(* Cut [0, B] at all interval endpoints: on each slice the intervals covering
   it are exactly those containing its midpoint. *)
Lemma sum_mul_length_le (I : finType) (P : pred I) (F x c : I -> R) (B M : R) :
  0 <= B -> 0 <= M ->
  (forall i, P i -> [/\ 0 <= F i, 0 <= c i, 0 <= x i & x i + c i <= B]) ->
  (forall z, \sum_(i | P i && (x i < z < x i + c i)) F i <= M) ->
  \sum_(i | P i) F i * c i <= M * B.
Proof.
move=> B0 M0 hI hz.
pose ends := 0 :: B :: [seq x i | i <- enum P] ++ [seq x i + c i | i <- enum P].
pose zs := sort <=%R (undup ends).
have szs : sorted <%R zs by rewrite sort_lt_sorted undup_uniq.
have memz y : (y \in zs) = (y \in ends) by rewrite mem_sort mem_undup.
have x_in i : P i -> x i \in zs.
  by move=> Pi; rewrite memz !inE mem_cat map_f ?orbT // mem_enum.
have xc_in i : P i -> x i + c i \in zs.
  by move=> Pi; rewrite memz !inE mem_cat (map_f (fun i => x i + c i)) ?orbT ?mem_enum.
have zs_rng y : y \in zs -> 0 <= y <= B.
  rewrite memz !inE mem_cat => /orP[/eqP->|/orP[/eqP->|/orP[]]]; rewrite ?lexx ?B0 //.
    case/mapP => i; rewrite mem_enum => /hI[_ c0 x0 xcB] ->.
    by rewrite x0 (le_trans _ xcB) // lerDl.
  by case/mapP => i; rewrite mem_enum => /hI[_ c0 x0 xcB] ->; rewrite xcB addr_ge0.
have zs_succ t : (t < (size zs).-1)%N -> (t.+1 < size zs)%N /\ (t < size zs)%N.
  by case: (size zs) => //= n tn; split; lia.
pose gap t := zs`_t.+1 - zs`_t.
pose covers i t := ((x i <= zs`_t) && (zs`_t.+1 <= x i + c i))%:R : R.
have c_split i : P i -> c i = \sum_(t < (size zs).-1) gap t * covers i t.
  move=> Pi; have [_ c0 _ _] := hI i Pi.
  by rewrite telescope_gap_indicator ?x_in ?xc_in ?lerDl //; lra.
have B_split : B = \sum_(t < (size zs).-1) gap t.
  have B_in : B \in zs by rewrite memz !inE eqxx orbT.
  have z0_in : (0 : R) \in zs by rewrite memz inE eqxx.
  rewrite -[B]subr0 -(@telescope_gap_indicator zs 0 B szs z0_in B_in B0).
  apply: eq_bigr => -[t /= /zs_succ[tN tN']] _.
  have /andP[-> _] := zs_rng _ (mem_nth 0 tN').
  by have /andP[_ ->] := zs_rng _ (mem_nth 0 tN); rewrite mulr1.
under eq_bigr => i Pi do rewrite (c_split i Pi) mulr_sumr.
rewrite exchange_big B_split mulr_sumr /=; apply: ler_sum => -[t /= /zs_succ[tN tN']] _.
have gap0 : zs`_t < zs`_t.+1 by rewrite (lt_sorted_ltn_nth 0 szs) ?inE.
pose z := (zs`_t + zs`_t.+1) / 2.
apply: (@le_trans _ _ (gap t * \sum_(i | P i && (x i < z < x i + c i)) F i)).
  rewrite mulr_sumr big_mkcondr /=; apply: ler_sum => i Pi.
  have [F0 _ _ _] := hI i Pi.
  rewrite /covers; case: ifP => hzi.
    by rewrite mulrCA ler_pM2l ?subr_gt0 //; case: (_ && _); rewrite ?mulr1 ?mulr0.
  case: andP => [[h1 h2]|]; last by rewrite !mulr0.
  by move: hzi; rewrite /z; case: andP => //; case; split; lra.
by rewrite mulrC ler_wpM2r ?hz // subr_ge0 ltW.
Qed.
Lemma sym_delta_decomp (F : numFieldType) m (A : 'M[F]_m) : A^T = A ->
  A = \sum_i \sum_j (A i j / 2) *: (delta_mx i j + delta_mx j i).
Proof.
move=> symA.
have trA : A^T = \sum_i \sum_j A i j *: delta_mx j i.
  rewrite {1}[A]matrix_sum_delta linear_sum; apply: eq_bigr => i _.
  by rewrite linear_sum; apply: eq_bigr => j _; rewrite linearZ /= trmx_delta.
transitivity (2^-1 *: (A + A^T)).
  by rewrite symA -mulr2n -scaler_nat scalerA mulVf ?pnatr_eq0 ?scale1r.
rewrite trA {1}[A]matrix_sum_delta -big_split scaler_sumr; apply: eq_bigr => i _.
rewrite -big_split scaler_sumr; apply: eq_bigr => j _ /=.
by rewrite -scalerDr scalerA mulrC.
Qed.

Section CutMatrix.
Variables (R : realType) (n : nat).
Implicit Types (S : {set 'I_n}) (C : 'M[R]_n.+1 -> Prop).
Notation xS S := (one_plus_xS R S).

Definition cutm S : 'M[R]_n.+1 := xS S *m (xS S)^T.

Lemma one_plus_xS_sign S i : xS S i 0 = 1 \/ xS S i 0 = -1.
Proof. by rewrite mxE; case: unlift => [j|]; [case: (j \in S); [left|right]|left]. Qed.

Lemma one_plus_xS_sqr S i : xS S i 0 * xS S i 0 = 1.
Proof. by case: (one_plus_xS_sign S i) => ->; rewrite ?mulr1 ?mulrNN ?mulr1. Qed.

Lemma one_plus_xS0 S : xS S ord0 0 = 1.
Proof. by rewrite mxE unlift_none. Qed.

Lemma cutmE S i j : cutm S i j = xS S i 0 * xS S j 0.
Proof. by rewrite /cutm mxE big_ord1 [_^T _ _]mxE. Qed.

Lemma qform_cutm S u v :
  qform u (cutm S) v = (u^T *m xS S) 0 0 * (v^T *m xS S) 0 0.
Proof.
rewrite /qform /cutm mulmxA -mulmxA mxE big_ord1; congr (_ * _).
have scalar_tr (M : 'M[R]_1) : M^T 0 0 = M 0 0 by rewrite mxE.
by rewrite -[(v^T *m _)]trmxK trmx_mul trmxK scalar_tr.
Qed.

Lemma cutm_ellE S : ellE (cutm S).
Proof.
split; [split|] => [|u|i]; first by rewrite /Defs.symmetric /cutm trmx_mul trmxK.
  by rewrite qform_cutm -expr2 sqr_ge0.
by rewrite cutmE one_plus_xS_sqr.
Qed.
(* No distribution $p\in\operatorname{RBM}_{3,2}$ has four modes; that is, there is no $p\in\operatorname{RBM}_{3,2}$ and set $S\subseteq\{0,1\}^3$ of four states such that for every $x\in S$ and every Hamming neighbour $y$ of $x$ one has $p_x>p_y$.
   Context: A distribution of three binary random variables is a $2\times2\times2$ tensor $p=(p_x)_{x\in\{0,1\}^3}$ with nonnegative entries summing to $1$; the set of these is $\Delta_7$. Two states in $\{0,1\}^3$ are Hamming neighbours if they differ in exactly one coordinate. A mode of $p$ is a state $x$ with $p_x>p_y$ for every Hamming neighbour $y$ of $x$. For $a,b,c\in\mathbb{R}^2_{\ge0}$, $a\otimes b\otimes c$ is the tensor with entries $a_ib_jc_k$. $\operatorname{RBM}_{3,2}$ is the set of $p\in\Delta_7$ of the form $p=(a_1\otimes b_1\otimes c_1+d_1\otimes e_1\otimes f_1)*(a_2\otimes b_2\otimes c_2+d_2\otimes e_2\otimes f_2)$ with all vectors in $\mathbb{R}^2_{\ge0}$, where $*$ is the entrywise (Hadamard) product. *)

From Stdlib Require Import Reals Lra List.
Import ListNotations.
Open Scope R_scope.

(* A state of three binary variables: an element of {0,1}^3 (false = 0, true = 1). *)
Definition state : Type := (bool * bool * bool)%type.

Definition all_states : list state :=
  [ (false,false,false); (false,false,true); (false,true,false); (false,true,true);
    (true,false,false);  (true,false,true);  (true,true,false);  (true,true,true) ].

Definition hdist (x y : state) : nat :=
  let '(x1, x2, x3) := x in
  let '(y1, y2, y3) := y in
  ((if xorb x1 y1 then 1 else 0) + (if xorb x2 y2 then 1 else 0)
   + (if xorb x3 y3 then 1 else 0))%nat.

Definition hamming_nb (x y : state) : Prop := hdist x y = 1%nat.

Definition tensor := state -> R.

Definition in_Delta7 (p : tensor) : Prop :=
  (forall x, 0 <= p x) /\ fold_right Rplus 0 (map p all_states) = 1.

Definition is_mode (p : tensor) (x : state) : Prop :=
  forall y, hamming_nb x y -> p x > p y.

Definition vsel (v : R * R) (b : bool) : R := if b then snd v else fst v.
Definition nonneg2 (v : R * R) : Prop := 0 <= fst v /\ 0 <= snd v.

Definition tprod3 (a b c : R * R) : tensor :=
  fun x => let '(i, j, k) := x in vsel a i * vsel b j * vsel c k.

Definition RBM32 (p : tensor) : Prop :=
  in_Delta7 p /\
  exists a1 b1 c1 d1 e1 f1 a2 b2 c2 d2 e2 f2 : R * R,
    nonneg2 a1 /\ nonneg2 b1 /\ nonneg2 c1 /\ nonneg2 d1 /\ nonneg2 e1 /\ nonneg2 f1 /\
    nonneg2 a2 /\ nonneg2 b2 /\ nonneg2 c2 /\ nonneg2 d2 /\ nonneg2 e2 /\ nonneg2 f2 /\
    forall x, p x = (tprod3 a1 b1 c1 x + tprod3 d1 e1 f1 x)
                    * (tprod3 a2 b2 c2 x + tprod3 d2 e2 f2 x).

(* Four modes are pairwise at Hamming distance 2, so they form a parity class
   of the cube.  Then every face of the cube has a strictly signed 2x2
   determinant, with opposite signs on opposite faces.  For a sum of two
   rank-one tensors a⊗b⊗c + d⊗e⊗f the determinant of the face {x3 = k} is
   c_k f_k det(a,d) det(b,e), whose sign does not depend on k; and a Hadamard
   product of nonnegative 2x2 matrices can have positive (negative)
   determinant only if one factor does.  So, with A = det(a1,d1), A' =
   det(a2,d2) etc., the products AB·A'B', AC·A'C' and BC·B'C' are all
   negative, while their product is the square (ABC·A'B'C')^2. *)

From Stdlib Require Import Reals List.
From Stdlib Require Import Lra Lia Bool.
Import ListNotations.
Open Scope R_scope.

Definition parity (x : state) : bool :=
  let '(x1, x2, x3) := x in xorb (xorb x1 x2) x3.

Definition parity_class (b : bool) : list state :=
  filter (fun x => Bool.eqb (parity x) b) all_states.

Lemma in_all_states (x : state) : In x all_states.
Proof. destruct x as [[[] []] []]; simpl; tauto. Qed.

Lemma in_parity_class (b : bool) (x : state) : parity x = b -> In x (parity_class b).
Proof.
  intros Hx; apply filter_In; split; [apply in_all_states |].
  now rewrite Hx, eqb_reflx.
Qed.

Lemma hdist_sym (x y : state) : hdist x y = hdist y x.
Proof. destruct x as [[[] []] []], y as [[[] []] []]; reflexivity. Qed.

Lemma hdist_eq0 (x y : state) : hdist x y = 0%nat -> x = y.
Proof. destruct x as [[[] []] []], y as [[[] []] []]; easy. Qed.

(* Antipodal states have distance 3, so a third state is adjacent to one of them. *)
Lemma parity_eq_of_spread (x y z : state) :
  (2 <= hdist x y)%nat -> (2 <= hdist x z)%nat -> (2 <= hdist y z)%nat ->
  parity x = parity y.
Proof.
  destruct x as [[[] []] []], y as [[[] []] []], z as [[[] []] []];
  cbn; intros; first [reflexivity | lia].
Qed.

Lemma parity_class_length (b : bool) : length (parity_class b) = 4%nat.
Proof. now destruct b. Qed.

Lemma NoDup_four_parity_class (S : list state) (b : bool) :
  NoDup S -> length S = 4%nat -> (forall x, In x S -> parity x = b) ->
  forall x, parity x = b -> In x S.
Proof.
  intros HS Hlen HSb x Hx.
  apply in_parity_class in Hx; revert x Hx.
  apply NoDup_length_incl; [exact HS | now rewrite Hlen, parity_class_length |].
  intros y Hy; now apply in_parity_class, HSb.
Qed.

Lemma spread_four_parity_class (S : list state) :
  NoDup S -> length S = 4%nat ->
  (forall x y, In x S -> In y S -> x <> y -> (2 <= hdist x y)%nat) ->
  exists b, forall x, parity x = b -> In x S.
Proof.
  intros HS Hlen Hspread.
  destruct S as [|x1 [|x2 [|x3 [|x4 [|]]]]]; try discriminate.
  exists (parity x1); apply NoDup_four_parity_class; [assumption..|].
  pose proof HS as HS'.
  apply NoDup_cons_iff in HS' as [H1 HS']; apply NoDup_cons_iff in HS' as [H2 HS'];
    apply NoDup_cons_iff in HS' as [H3 _].
  intros x Hx; symmetry.
  destruct Hx as [<- | [<- | [<- | [<- | []]]]]; [reflexivity | ..];
    [apply (parity_eq_of_spread _ _ x3) | apply (parity_eq_of_spread _ _ x2)
    | apply (parity_eq_of_spread _ _ x2)];
    apply Hspread; simpl; try tauto; intros ->; simpl in *; tauto.
Qed.

Lemma hamming_nb_sym (x y : state) : hamming_nb x y -> hamming_nb y x.
Proof. unfold hamming_nb; now rewrite hdist_sym. Qed.

Lemma modes_not_adjacent (p : tensor) (x y : state) :
  is_mode p x -> is_mode p y -> ~ hamming_nb x y.
Proof.
  intros Hx Hy Hxy.
  specialize (Hx y Hxy); specialize (Hy x (hamming_nb_sym _ _ Hxy)); lra.
Qed.

Definition det2 (m00 m01 m10 m11 : R) : R := m00 * m11 - m01 * m10.

Definition face_det (p : tensor) (f : bool -> bool -> state) : R :=
  det2 (p (f false false)) (p (f false true)) (p (f true false)) (p (f true true)).

Definition face12 (k i j : bool) : state := (i, j, k).
Definition face13 (k i j : bool) : state := (i, k, j).
Definition face23 (k i j : bool) : state := (k, i, j).

Lemma face_det_ext (p q : tensor) (f : bool -> bool -> state) :
  (forall x, p x = q x) -> face_det p f = face_det q f.
Proof. intros Hpq; unfold face_det; now rewrite !Hpq. Qed.

Lemma face_det_swap (p : tensor) (f : bool -> bool -> state) :
  face_det p (fun i j => f i (negb j)) = - face_det p f.
Proof. unfold face_det, det2; simpl; ring. Qed.

Lemma face_det_pos_of_modes (p : tensor) (f : bool -> bool -> state) :
  (forall x, 0 <= p x) ->
  is_mode p (f false false) -> is_mode p (f true true) ->
  hamming_nb (f false false) (f false true) -> hamming_nb (f true true) (f true false) ->
  face_det p f > 0.
Proof.
  intros Hp H00 H11 N0 N1; unfold face_det, det2.
  specialize (H00 _ N0); specialize (H11 _ N1).
  pose proof (Hp (f false true)); pose proof (Hp (f true false)); nra.
Qed.

Lemma face_det_neg_of_modes (p : tensor) (f : bool -> bool -> state) :
  (forall x, 0 <= p x) ->
  is_mode p (f false true) -> is_mode p (f true false) ->
  hamming_nb (f false true) (f false false) -> hamming_nb (f true false) (f true true) ->
  face_det p f < 0.
Proof.
  intros Hp H01 H10 N0 N1.
  enough (face_det p (fun i j => f i (negb j)) > 0) by (rewrite face_det_swap in *; lra).
  now apply face_det_pos_of_modes.
Qed.

Lemma opposite_face_dets_of_parity_modes (p : tensor) (b : bool)
    (F : bool -> bool -> bool -> state) :
  (forall x, 0 <= p x) ->
  (forall x, parity x = b -> is_mode p x) ->
  (forall k i j, parity (F k i j) = xorb k (xorb i j)) ->
  (forall k i j, hamming_nb (F k i j) (F k i (negb j))) ->
  face_det p (F false) * face_det p (F true) < 0.
Proof.
  intros Hp Hmodes Hpar Hnb.
  assert (Hmode : forall k i j, xorb k (xorb i j) = b -> is_mode p (F k i j))
    by (intros k i j Hkij; apply Hmodes; now rewrite Hpar).
  destruct b; [apply Rmult_neg_pos | apply Rmult_pos_neg];
    first [ apply face_det_pos_of_modes | apply face_det_neg_of_modes ];
    auto; apply Hmode; reflexivity.
Qed.

Lemma det2_hadamard_pos (q00 q01 q10 q11 r00 r01 r10 r11 : R) :
  0 <= q00 -> 0 <= q11 -> 0 <= r00 -> 0 <= r11 ->
  det2 (q00 * r00) (q01 * r01) (q10 * r10) (q11 * r11) > 0 ->
  det2 q00 q01 q10 q11 > 0 \/ det2 r00 r01 r10 r11 > 0.
Proof.
  unfold det2; intros.
  destruct (Rlt_or_le 0 (q00 * q11 - q01 * q10)) as [|Hq]; [now left|].
  destruct (Rlt_or_le 0 (r00 * r11 - r01 * r10)) as [|Hr]; [now right|].
  exfalso.
  assert (q00 * q11 * (r00 * r11) <= q01 * q10 * (r01 * r10)).
  { apply Rmult_le_compat; try lra; apply Rmult_le_pos; assumption. }
  nra.
Qed.

Lemma face_det_hadamard_pos (q r : tensor) (f : bool -> bool -> state) :
  (forall x, 0 <= q x) -> (forall x, 0 <= r x) ->
  face_det (fun x => q x * r x) f > 0 -> face_det q f > 0 \/ face_det r f > 0.
Proof. intros Hq Hr; apply det2_hadamard_pos; auto. Qed.

Lemma face_det_hadamard_neg (q r : tensor) (f : bool -> bool -> state) :
  (forall x, 0 <= q x) -> (forall x, 0 <= r x) ->
  face_det (fun x => q x * r x) f < 0 -> face_det q f < 0 \/ face_det r f < 0.
Proof.
  intros Hq Hr Hqr.
  destruct (face_det_hadamard_pos q r (fun i j => f i (negb j)) Hq Hr);
    rewrite !face_det_swap in *; lra.
Qed.

Lemma pos_of_nonneg_mul (s X : R) : 0 <= s -> s * X > 0 -> X > 0.
Proof. intros; nra. Qed.

Lemma neg_of_nonneg_mul (s X : R) : 0 <= s -> s * X < 0 -> X < 0.
Proof. intros; nra. Qed.

Lemma hadamard_opposite_faces (q r : tensor) (F : bool -> bool -> bool -> state)
    (s t : bool -> R) (X Y : R) :
  (forall x, 0 <= q x) -> (forall x, 0 <= r x) ->
  (forall k, 0 <= s k) -> (forall k, 0 <= t k) ->
  (forall k, face_det q (F k) = s k * X) -> (forall k, face_det r (F k) = t k * Y) ->
  face_det (fun x => q x * r x) (F false) * face_det (fun x => q x * r x) (F true) < 0 ->
  X * Y < 0.
Proof.
  intros Hq Hr Hs Ht HqF HrF Hopp.
  assert (Hsigns : forall k k', face_det (fun x => q x * r x) (F k) > 0 ->
                     face_det (fun x => q x * r x) (F k') < 0 -> X * Y < 0).
  { intros k k' Hpos Hneg.
    assert (X > 0 \/ Y > 0) as Hpos'.
    { destruct (face_det_hadamard_pos _ _ _ Hq Hr Hpos) as [Hdet | Hdet];
        [left; rewrite HqF in Hdet; apply (pos_of_nonneg_mul (s k))
        | right; rewrite HrF in Hdet; apply (pos_of_nonneg_mul (t k))]; auto. }
    assert (X < 0 \/ Y < 0) as Hneg'.
    { destruct (face_det_hadamard_neg _ _ _ Hq Hr Hneg) as [Hdet | Hdet];
        [left; rewrite HqF in Hdet; apply (neg_of_nonneg_mul (s k'))
        | right; rewrite HrF in Hdet; apply (neg_of_nonneg_mul (t k'))]; auto. }
    destruct Hpos', Hneg'; nra. }
  destruct (Rmult_neg_cases _ _ Hopp) as [[Hpos Hneg] | [Hneg Hpos]].
  - exact (Hsigns false true Hpos Hneg).
  - exact (Hsigns true false Hpos Hneg).
Qed.

Definition rank2 (a b c d e f : R * R) : tensor :=
  fun x => tprod3 a b c x + tprod3 d e f x.

Definition vdet (u v : R * R) : R := fst u * snd v - snd u * fst v.

Lemma face_det_rank2_12 (a b c d e f : R * R) (k : bool) :
  face_det (rank2 a b c d e f) (face12 k) = (vsel c k * vsel f k) * (vdet a d * vdet b e).
Proof. destruct a, b, c, d, e, f, k; unfold face_det, det2, rank2, vdet; simpl; ring. Qed.

Lemma face_det_rank2_13 (a b c d e f : R * R) (k : bool) :
  face_det (rank2 a b c d e f) (face13 k) = (vsel b k * vsel e k) * (vdet a d * vdet c f).
Proof. destruct a, b, c, d, e, f, k; unfold face_det, det2, rank2, vdet; simpl; ring. Qed.

Lemma face_det_rank2_23 (a b c d e f : R * R) (k : bool) :
  face_det (rank2 a b c d e f) (face23 k) = (vsel a k * vsel d k) * (vdet b e * vdet c f).
Proof. destruct a, b, c, d, e, f, k; unfold face_det, det2, rank2, vdet; simpl; ring. Qed.

Lemma vsel_nonneg (u : R * R) (k : bool) : nonneg2 u -> 0 <= vsel u k.
Proof. destruct k; unfold nonneg2, vsel; tauto. Qed.

Lemma rank2_nonneg (a b c d e f : R * R) (x : state) :
  nonneg2 a -> nonneg2 b -> nonneg2 c -> nonneg2 d -> nonneg2 e -> nonneg2 f ->
  0 <= rank2 a b c d e f x.
Proof.
  destruct x as [[i j] k]; intros; unfold rank2, tprod3.
  apply Rplus_le_le_0_compat; repeat apply Rmult_le_pos; apply vsel_nonneg; assumption.
Qed.

Lemma sqr_not_three_negative_pairs (A B C A' B' C' : R) :
  A * B * (A' * B') < 0 -> A * C * (A' * C') < 0 -> B * C * (B' * C') < 0 -> False.
Proof.
  intros HAB HAC HBC.
  assert (Hsq : A * B * (A' * B') * (A * C * (A' * C')) * (B * C * (B' * C'))
                = (A * B * C * (A' * B' * C')) ^ 2) by ring.
  pose proof (pow2_ge_0 (A * B * C * (A' * B' * C'))).
  assert (0 < A * B * (A' * B') * (A * C * (A' * C'))) by (apply Rmult_neg_neg; assumption).
  assert (A * B * (A' * B') * (A * C * (A' * C')) * (B * C * (B' * C')) < 0)
    by (apply Rmult_pos_neg; assumption).
  lra.
Qed.

Lemma RBM32_no_opposite_faces (p : tensor) : RBM32 p ->
  face_det p (face12 false) * face_det p (face12 true) < 0 ->
  face_det p (face13 false) * face_det p (face13 true) < 0 ->
  face_det p (face23 false) * face_det p (face23 true) < 0 -> False.
Proof.
  intros [_ [a1 [b1 [c1 [d1 [e1 [f1 [a2 [b2 [c2 [d2 [e2 [f2 [Na1 [Nb1 [Nc1 [Nd1
    [Ne1 [Nf1 [Na2 [Nb2 [Nc2 [Nd2 [Ne2 [Nf2 Hp]]]]]]]]]]]]]]]]]]]]]]]]] H12 H13 H23.
  set (q := rank2 a1 b1 c1 d1 e1 f1) in *; set (r := rank2 a2 b2 c2 d2 e2 f2) in *.
  assert (Hq : forall x, 0 <= q x) by (intros; apply rank2_nonneg; assumption).
  assert (Hr : forall x, 0 <= r x) by (intros; apply rank2_nonneg; assumption).
  assert (Hface : forall F, face_det p F = face_det (fun x => q x * r x) F)
    by (intros; apply face_det_ext, Hp).
  rewrite !Hface in H12, H13, H23.
  apply (sqr_not_three_negative_pairs (vdet a1 d1) (vdet b1 e1) (vdet c1 f1)
           (vdet a2 d2) (vdet b2 e2) (vdet c2 f2)).
  - apply (hadamard_opposite_faces q r face12 (fun k => vsel c1 k * vsel f1 k)
             (fun k => vsel c2 k * vsel f2 k)); auto; intros k;
      first [apply face_det_rank2_12 | apply Rmult_le_pos; apply vsel_nonneg; assumption].
  - apply (hadamard_opposite_faces q r face13 (fun k => vsel b1 k * vsel e1 k)
             (fun k => vsel b2 k * vsel e2 k)); auto; intros k;
      first [apply face_det_rank2_13 | apply Rmult_le_pos; apply vsel_nonneg; assumption].
  - apply (hadamard_opposite_faces q r face23 (fun k => vsel a1 k * vsel d1 k)
             (fun k => vsel a2 k * vsel d2 k)); auto; intros k;
      first [apply face_det_rank2_23 | apply Rmult_le_pos; apply vsel_nonneg; assumption].
Qed.

Theorem corollary4 :
  ~ (exists (p : tensor) (S : list state),
        RBM32 p /\ NoDup S /\ length S = 4%nat /\
        (forall x, In x S -> forall y, hamming_nb x y -> p x > p y)).
Proof.
  intros [p [S [Hp [HS [Hlen Hmodes]]]]].
  assert (Hnonneg : forall x, 0 <= p x) by apply Hp.
  assert (Hspread : forall x y, In x S -> In y S -> x <> y -> (2 <= hdist x y)%nat).
  { intros x y Hx Hy Hxy.
    destruct (hdist x y) as [|[|n]] eqn:Hd; [| | lia].
    - now apply hdist_eq0 in Hd.
    - exfalso; exact (modes_not_adjacent p x y (Hmodes x Hx) (Hmodes y Hy) Hd). }
  destruct (spread_four_parity_class S HS Hlen Hspread) as [b Hb].
  assert (Hparity_modes : forall x, parity x = b -> is_mode p x)
    by (intros x Hx; exact (Hmodes x (Hb x Hx))).
  apply (RBM32_no_opposite_faces p Hp);
    apply (opposite_face_dets_of_parity_modes p b); auto;
    intros [] [] []; reflexivity.
Qed.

☆ ☆ ☆

◆ **Work to be completed**:
The expected answer is an exact copy of the lines above, beginning at the line with "specialize (H00 _" and ending at the line with "is_mode p (f false true)", with both ends in.

◆ **Task result**:
  specialize (H00 _ N0); specialize (H11 _ N1).
  pose proof (Hp (f false true)); pose proof (Hp (f true false)); nra.
Qed.

Lemma face_det_neg_of_modes (p : tensor) (f : bool -> bool -> state) :
  (forall x, 0 <= p x) ->
  is_mode p (f false true) -> is_mode p (f true false) ->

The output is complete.